§ Data section
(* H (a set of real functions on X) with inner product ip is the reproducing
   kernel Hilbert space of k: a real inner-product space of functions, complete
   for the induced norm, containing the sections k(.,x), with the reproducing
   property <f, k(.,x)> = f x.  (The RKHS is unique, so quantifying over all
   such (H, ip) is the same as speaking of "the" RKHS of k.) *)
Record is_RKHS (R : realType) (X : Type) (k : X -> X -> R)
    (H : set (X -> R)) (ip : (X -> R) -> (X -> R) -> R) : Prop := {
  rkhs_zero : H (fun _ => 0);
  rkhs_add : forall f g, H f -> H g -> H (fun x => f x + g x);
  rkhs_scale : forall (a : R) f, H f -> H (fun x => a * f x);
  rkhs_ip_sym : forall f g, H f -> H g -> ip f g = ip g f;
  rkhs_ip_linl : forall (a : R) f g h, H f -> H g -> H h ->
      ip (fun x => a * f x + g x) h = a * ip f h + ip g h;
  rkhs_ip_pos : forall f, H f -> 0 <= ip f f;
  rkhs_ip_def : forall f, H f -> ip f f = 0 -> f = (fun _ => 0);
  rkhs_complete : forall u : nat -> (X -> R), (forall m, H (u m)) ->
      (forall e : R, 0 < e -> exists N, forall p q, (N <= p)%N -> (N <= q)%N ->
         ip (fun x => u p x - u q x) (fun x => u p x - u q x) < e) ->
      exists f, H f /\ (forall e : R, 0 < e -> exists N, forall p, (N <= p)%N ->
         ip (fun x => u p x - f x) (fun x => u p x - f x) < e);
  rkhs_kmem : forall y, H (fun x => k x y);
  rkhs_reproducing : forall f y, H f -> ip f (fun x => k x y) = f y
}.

§ What to do
List the lines of the entries that include "inner".

§ Response for this exercise
(* H (a set of real functions on X) with inner product ip is the reproducing
   kernel Hilbert space of k: a real inner-product space of functions, complete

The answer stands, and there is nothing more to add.